┏━━

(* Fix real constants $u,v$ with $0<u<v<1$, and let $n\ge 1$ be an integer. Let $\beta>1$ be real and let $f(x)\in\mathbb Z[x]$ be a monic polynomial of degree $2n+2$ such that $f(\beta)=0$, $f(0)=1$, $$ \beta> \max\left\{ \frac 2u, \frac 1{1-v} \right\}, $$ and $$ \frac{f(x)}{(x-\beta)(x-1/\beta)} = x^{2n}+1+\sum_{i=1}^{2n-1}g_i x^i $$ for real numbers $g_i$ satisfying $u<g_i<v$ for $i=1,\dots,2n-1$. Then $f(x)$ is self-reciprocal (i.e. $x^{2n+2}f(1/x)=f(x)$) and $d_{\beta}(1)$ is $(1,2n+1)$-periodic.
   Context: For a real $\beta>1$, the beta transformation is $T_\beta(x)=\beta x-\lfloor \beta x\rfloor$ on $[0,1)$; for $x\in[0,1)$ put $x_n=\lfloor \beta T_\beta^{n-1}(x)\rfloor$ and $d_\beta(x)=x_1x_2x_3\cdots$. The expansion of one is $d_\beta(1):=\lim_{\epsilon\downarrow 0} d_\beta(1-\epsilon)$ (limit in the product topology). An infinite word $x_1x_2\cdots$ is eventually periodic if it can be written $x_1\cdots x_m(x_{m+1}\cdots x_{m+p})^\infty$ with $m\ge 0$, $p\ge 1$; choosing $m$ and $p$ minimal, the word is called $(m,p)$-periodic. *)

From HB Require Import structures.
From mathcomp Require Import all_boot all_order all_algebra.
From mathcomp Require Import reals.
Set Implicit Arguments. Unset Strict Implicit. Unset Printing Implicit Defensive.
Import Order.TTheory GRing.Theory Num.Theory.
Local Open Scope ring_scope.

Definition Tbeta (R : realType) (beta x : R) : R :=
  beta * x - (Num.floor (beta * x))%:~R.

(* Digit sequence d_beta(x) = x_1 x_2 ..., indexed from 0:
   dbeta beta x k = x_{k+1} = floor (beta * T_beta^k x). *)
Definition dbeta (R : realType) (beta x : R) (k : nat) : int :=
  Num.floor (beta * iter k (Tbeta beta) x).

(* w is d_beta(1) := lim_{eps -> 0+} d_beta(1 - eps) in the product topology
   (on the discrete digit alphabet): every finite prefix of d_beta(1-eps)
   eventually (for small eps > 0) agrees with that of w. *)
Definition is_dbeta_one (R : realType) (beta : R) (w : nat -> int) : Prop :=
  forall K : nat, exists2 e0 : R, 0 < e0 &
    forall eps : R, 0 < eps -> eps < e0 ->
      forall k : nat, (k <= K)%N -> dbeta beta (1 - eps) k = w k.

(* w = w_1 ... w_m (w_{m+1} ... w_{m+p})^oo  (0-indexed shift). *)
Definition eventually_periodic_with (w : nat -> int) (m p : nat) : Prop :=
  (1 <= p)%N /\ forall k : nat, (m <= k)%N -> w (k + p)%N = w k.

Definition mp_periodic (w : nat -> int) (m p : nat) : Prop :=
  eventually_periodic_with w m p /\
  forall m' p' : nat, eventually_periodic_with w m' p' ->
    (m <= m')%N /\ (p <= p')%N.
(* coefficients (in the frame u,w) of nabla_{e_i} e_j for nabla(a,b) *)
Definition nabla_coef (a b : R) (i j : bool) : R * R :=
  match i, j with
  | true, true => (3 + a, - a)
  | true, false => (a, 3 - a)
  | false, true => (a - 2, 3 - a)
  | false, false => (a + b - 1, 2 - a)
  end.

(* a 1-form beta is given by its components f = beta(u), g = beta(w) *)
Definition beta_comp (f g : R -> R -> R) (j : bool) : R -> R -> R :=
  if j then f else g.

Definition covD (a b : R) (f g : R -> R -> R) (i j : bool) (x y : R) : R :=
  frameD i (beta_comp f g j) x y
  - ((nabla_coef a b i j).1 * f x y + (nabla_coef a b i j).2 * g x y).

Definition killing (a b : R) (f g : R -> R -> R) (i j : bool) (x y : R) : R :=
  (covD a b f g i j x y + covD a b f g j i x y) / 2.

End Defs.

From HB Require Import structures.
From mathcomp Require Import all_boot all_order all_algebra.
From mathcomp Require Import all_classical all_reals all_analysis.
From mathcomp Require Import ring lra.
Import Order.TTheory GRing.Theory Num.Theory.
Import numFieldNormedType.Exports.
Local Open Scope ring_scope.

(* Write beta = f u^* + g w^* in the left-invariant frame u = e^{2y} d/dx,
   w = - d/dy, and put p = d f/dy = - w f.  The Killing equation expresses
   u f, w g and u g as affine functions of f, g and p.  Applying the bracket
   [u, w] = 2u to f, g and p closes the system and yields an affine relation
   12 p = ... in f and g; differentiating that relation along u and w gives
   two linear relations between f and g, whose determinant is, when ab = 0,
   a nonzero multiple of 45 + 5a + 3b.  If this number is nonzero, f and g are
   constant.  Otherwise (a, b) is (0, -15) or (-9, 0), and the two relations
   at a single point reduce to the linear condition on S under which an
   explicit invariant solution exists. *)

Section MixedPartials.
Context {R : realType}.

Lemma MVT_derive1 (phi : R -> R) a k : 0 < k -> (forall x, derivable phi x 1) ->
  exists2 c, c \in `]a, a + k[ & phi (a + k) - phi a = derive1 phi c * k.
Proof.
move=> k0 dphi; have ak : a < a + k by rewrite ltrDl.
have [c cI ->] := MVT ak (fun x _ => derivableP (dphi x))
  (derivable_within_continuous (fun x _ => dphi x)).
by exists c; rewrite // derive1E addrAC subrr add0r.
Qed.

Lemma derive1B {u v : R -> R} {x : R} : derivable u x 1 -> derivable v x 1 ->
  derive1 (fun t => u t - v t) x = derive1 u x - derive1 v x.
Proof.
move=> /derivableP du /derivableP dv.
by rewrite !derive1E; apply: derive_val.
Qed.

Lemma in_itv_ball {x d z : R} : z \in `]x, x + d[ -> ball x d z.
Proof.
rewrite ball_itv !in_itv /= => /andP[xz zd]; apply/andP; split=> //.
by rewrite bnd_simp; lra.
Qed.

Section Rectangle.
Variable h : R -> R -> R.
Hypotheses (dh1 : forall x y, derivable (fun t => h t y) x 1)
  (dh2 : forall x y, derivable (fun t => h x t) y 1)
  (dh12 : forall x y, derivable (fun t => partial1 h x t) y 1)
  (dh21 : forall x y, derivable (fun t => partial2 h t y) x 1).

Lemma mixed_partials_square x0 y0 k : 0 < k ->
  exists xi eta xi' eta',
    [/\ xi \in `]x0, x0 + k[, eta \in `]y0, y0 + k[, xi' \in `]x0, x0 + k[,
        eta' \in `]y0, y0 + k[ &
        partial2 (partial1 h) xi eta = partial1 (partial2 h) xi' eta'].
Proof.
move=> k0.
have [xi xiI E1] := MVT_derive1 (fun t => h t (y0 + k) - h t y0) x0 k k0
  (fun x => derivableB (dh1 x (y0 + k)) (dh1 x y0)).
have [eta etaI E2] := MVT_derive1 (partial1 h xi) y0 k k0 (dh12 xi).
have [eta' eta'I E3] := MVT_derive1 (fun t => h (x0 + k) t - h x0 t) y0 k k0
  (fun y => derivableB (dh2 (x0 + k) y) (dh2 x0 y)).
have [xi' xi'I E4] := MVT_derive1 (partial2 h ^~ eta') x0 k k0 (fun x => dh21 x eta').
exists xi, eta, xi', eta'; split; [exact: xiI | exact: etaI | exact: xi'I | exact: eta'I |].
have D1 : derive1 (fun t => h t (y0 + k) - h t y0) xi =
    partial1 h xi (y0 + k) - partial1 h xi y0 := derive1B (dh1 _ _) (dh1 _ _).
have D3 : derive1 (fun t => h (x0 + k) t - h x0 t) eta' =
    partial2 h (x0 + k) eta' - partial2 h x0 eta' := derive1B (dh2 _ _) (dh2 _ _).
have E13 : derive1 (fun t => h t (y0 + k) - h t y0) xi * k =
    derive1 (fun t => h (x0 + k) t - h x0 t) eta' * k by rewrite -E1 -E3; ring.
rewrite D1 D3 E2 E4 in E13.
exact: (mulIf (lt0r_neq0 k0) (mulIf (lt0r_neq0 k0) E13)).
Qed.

┗━━
┏━━

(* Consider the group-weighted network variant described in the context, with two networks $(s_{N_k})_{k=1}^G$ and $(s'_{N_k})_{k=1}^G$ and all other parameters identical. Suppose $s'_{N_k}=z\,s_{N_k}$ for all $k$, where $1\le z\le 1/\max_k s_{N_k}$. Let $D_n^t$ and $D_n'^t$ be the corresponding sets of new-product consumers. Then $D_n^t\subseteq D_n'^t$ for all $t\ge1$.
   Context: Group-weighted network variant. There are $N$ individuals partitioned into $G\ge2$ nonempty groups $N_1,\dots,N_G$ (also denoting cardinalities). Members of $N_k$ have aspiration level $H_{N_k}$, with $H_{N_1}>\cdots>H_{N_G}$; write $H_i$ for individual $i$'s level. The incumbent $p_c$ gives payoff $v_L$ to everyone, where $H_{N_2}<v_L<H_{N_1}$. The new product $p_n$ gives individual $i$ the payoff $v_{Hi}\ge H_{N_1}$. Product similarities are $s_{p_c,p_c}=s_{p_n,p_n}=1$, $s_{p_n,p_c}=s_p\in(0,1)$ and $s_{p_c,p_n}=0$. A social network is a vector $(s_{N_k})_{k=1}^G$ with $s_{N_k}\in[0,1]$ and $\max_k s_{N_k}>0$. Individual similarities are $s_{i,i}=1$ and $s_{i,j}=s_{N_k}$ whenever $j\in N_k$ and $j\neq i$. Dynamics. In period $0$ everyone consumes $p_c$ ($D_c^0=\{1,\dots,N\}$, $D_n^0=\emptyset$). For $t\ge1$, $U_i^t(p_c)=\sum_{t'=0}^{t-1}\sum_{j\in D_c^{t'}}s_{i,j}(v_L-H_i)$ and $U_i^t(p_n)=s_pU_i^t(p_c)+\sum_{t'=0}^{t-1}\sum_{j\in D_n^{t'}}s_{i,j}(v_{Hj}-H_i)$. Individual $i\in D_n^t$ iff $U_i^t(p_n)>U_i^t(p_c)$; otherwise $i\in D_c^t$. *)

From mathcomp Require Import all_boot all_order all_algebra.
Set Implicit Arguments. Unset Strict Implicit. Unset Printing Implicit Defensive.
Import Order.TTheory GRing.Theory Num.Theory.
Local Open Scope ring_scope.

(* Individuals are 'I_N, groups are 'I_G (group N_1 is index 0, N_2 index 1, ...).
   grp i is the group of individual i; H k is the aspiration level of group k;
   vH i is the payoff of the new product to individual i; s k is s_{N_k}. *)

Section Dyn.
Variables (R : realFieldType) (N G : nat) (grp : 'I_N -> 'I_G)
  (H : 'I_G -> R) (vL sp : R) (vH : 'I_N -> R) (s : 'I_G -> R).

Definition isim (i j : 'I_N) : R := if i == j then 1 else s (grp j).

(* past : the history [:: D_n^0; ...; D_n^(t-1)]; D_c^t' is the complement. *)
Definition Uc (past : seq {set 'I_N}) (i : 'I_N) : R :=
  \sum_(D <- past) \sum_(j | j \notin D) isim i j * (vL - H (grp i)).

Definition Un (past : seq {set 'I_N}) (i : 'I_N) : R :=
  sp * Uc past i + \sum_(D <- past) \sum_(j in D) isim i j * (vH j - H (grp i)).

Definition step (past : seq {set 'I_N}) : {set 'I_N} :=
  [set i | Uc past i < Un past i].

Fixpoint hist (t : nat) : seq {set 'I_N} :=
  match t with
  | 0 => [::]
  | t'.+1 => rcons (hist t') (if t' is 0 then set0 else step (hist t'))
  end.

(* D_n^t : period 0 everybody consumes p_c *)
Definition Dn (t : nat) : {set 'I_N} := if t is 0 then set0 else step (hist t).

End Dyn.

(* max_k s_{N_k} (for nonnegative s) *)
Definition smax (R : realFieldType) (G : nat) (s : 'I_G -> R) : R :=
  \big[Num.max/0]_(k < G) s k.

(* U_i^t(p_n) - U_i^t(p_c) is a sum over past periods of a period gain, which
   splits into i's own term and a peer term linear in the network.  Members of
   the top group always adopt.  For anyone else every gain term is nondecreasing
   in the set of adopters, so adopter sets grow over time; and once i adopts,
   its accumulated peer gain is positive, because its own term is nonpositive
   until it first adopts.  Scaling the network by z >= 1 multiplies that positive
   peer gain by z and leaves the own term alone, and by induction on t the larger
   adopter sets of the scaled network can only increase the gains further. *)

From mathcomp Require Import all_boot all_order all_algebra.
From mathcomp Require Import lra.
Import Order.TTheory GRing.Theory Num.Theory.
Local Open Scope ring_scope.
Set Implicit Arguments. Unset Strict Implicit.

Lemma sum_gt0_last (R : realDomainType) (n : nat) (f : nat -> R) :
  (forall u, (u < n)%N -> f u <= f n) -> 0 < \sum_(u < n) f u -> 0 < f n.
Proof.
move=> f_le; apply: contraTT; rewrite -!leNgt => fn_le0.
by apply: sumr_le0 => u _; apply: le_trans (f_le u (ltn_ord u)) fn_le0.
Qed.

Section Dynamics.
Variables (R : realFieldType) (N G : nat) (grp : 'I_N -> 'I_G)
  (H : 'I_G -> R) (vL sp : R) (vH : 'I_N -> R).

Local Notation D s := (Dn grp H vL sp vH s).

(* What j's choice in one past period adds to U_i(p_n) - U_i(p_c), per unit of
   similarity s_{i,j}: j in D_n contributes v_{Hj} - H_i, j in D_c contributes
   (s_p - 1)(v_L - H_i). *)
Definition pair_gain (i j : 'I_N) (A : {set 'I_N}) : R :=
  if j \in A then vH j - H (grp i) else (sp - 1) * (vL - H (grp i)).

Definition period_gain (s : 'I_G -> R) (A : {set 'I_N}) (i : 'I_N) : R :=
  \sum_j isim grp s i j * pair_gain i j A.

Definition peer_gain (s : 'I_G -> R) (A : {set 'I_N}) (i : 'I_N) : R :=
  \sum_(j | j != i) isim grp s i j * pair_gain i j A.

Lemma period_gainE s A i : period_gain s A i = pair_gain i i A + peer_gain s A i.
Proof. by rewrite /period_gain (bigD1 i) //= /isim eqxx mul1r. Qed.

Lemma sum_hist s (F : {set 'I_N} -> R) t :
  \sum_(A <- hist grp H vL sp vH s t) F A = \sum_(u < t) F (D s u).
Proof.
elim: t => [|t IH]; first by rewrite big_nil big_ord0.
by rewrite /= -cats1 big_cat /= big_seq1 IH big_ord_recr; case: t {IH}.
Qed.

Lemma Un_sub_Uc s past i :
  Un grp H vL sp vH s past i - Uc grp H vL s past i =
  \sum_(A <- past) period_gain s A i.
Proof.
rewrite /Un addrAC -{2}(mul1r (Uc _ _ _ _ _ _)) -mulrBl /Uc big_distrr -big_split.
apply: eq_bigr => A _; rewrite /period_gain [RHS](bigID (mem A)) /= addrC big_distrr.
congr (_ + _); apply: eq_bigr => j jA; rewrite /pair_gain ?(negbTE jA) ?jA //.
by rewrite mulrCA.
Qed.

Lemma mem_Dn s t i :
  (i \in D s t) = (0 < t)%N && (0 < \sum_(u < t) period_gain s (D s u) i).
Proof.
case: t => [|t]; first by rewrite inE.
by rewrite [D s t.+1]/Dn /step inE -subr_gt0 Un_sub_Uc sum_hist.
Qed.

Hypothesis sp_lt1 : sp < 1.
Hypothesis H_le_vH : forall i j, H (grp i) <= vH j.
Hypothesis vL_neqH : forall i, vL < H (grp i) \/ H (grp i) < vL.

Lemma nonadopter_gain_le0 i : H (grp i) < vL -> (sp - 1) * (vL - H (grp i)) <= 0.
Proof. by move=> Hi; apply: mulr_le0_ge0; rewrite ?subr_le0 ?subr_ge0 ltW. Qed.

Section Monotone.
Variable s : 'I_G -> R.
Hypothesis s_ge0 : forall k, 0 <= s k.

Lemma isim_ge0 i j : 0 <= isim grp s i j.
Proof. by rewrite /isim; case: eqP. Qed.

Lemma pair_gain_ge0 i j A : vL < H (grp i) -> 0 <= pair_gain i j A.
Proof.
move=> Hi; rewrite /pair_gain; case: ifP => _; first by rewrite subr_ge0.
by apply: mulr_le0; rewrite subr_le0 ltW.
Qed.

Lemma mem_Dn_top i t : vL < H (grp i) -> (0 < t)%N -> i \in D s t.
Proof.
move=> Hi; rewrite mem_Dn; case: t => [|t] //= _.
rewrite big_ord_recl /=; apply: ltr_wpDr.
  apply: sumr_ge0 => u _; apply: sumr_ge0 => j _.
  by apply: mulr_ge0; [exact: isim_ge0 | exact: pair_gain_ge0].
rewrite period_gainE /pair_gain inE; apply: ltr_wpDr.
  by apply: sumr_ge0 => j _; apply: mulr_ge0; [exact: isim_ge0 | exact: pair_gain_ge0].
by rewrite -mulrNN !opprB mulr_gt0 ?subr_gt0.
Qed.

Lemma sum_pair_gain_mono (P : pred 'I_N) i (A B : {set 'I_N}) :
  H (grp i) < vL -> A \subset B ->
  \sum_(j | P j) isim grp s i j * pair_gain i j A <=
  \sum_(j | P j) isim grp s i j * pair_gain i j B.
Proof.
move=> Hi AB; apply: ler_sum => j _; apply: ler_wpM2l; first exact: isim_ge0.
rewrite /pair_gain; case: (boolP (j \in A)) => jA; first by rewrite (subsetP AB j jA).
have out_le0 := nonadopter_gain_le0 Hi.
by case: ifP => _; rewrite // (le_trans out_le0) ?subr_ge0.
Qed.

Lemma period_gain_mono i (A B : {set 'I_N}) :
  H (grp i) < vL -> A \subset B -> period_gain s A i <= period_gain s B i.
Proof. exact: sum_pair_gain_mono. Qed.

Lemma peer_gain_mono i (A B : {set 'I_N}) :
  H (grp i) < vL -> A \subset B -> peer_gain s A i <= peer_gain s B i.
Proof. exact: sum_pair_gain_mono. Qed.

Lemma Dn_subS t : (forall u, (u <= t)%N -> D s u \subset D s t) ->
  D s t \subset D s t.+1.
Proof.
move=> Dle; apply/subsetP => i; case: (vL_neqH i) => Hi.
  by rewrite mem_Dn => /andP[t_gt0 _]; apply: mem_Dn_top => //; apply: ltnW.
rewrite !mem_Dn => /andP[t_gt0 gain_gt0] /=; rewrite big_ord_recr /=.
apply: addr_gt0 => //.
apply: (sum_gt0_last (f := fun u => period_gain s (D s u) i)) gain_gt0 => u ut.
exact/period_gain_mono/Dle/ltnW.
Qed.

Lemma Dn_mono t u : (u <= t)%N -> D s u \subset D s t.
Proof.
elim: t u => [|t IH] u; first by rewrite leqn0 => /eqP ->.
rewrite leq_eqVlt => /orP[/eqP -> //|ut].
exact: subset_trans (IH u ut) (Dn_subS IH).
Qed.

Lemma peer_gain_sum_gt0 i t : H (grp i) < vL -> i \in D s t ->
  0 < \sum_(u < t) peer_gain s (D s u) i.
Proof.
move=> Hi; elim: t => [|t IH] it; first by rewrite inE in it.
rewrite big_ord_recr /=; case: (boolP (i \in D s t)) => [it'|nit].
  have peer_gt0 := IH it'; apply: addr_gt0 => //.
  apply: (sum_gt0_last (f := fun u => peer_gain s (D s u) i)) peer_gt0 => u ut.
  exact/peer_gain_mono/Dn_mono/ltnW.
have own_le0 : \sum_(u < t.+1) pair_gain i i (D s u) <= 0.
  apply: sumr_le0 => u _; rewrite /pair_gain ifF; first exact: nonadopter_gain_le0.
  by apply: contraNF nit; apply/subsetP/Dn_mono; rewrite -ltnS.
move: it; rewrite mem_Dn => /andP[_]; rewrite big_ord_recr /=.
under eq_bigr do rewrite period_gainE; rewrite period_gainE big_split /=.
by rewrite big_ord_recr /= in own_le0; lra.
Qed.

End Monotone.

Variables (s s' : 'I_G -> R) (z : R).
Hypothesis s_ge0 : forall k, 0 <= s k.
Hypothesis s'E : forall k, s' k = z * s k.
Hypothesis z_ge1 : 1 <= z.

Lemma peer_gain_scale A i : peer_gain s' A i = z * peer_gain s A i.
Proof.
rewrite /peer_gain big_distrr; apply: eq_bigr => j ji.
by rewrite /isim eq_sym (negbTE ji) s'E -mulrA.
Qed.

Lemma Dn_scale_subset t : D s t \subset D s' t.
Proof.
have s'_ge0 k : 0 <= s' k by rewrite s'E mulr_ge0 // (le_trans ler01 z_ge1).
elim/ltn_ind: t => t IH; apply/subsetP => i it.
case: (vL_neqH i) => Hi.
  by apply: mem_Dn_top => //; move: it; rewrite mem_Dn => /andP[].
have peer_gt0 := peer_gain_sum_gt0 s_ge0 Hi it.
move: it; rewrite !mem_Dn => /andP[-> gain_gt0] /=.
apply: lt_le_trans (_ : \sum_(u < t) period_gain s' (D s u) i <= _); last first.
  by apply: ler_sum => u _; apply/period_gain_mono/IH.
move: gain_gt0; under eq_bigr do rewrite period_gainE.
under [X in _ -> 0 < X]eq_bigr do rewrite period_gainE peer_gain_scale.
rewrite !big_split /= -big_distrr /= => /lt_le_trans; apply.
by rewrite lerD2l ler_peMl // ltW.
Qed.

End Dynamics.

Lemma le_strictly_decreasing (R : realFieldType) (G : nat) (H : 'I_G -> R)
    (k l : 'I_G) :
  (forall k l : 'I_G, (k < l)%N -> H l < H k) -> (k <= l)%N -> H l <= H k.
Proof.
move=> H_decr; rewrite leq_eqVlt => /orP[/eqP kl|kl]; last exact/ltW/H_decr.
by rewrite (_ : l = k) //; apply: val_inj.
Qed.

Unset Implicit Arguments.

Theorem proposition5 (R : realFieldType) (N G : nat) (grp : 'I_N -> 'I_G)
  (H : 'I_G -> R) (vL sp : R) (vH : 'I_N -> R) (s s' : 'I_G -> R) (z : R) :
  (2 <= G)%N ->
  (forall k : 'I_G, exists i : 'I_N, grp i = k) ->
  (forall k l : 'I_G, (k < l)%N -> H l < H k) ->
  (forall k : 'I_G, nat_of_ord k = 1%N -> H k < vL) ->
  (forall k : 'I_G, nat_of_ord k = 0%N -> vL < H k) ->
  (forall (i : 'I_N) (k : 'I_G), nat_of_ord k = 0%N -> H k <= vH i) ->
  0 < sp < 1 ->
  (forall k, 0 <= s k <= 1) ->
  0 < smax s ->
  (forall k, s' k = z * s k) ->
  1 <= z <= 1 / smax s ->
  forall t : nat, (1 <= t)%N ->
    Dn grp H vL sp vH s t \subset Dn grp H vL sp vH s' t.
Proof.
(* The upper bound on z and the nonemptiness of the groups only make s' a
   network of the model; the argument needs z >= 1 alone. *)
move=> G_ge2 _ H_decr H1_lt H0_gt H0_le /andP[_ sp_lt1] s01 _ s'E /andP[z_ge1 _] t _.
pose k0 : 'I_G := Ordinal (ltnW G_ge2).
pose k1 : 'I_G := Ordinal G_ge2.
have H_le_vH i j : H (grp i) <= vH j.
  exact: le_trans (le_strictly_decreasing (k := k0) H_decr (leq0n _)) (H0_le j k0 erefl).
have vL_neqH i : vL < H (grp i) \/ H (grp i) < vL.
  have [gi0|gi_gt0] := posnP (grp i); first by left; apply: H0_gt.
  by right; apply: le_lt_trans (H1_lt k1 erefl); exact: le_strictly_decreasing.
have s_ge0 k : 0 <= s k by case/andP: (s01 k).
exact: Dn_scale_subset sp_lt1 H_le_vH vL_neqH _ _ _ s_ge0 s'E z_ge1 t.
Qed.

┗━━

* _ASSIGNMENT_
In the listing above, locate the line with "by apply: mulr_le0; rewrite subr_le0 ltW." and the line with "by apply: mulr_ge0;", then extract exactly those lines and every line between them, and nothing more.

* _OUTPUT BELOW_
by apply: mulr_le0; rewrite subr_le0 ltW.
Qed.

Lemma mem_Dn_top i t : vL < H (grp i) -> (0 < t)%N -> i \in D s t.
Proof.
move=> Hi; rewrite mem_Dn; case: t => [|t] //= _.
rewrite big_ord_recl /=; apply: ltr_wpDr.
  apply: sumr_ge0 => u _; apply: sumr_ge0 => j _.
  by apply: mulr_ge0; [exact: isim_ge0 | exact: pair_gain_ge0].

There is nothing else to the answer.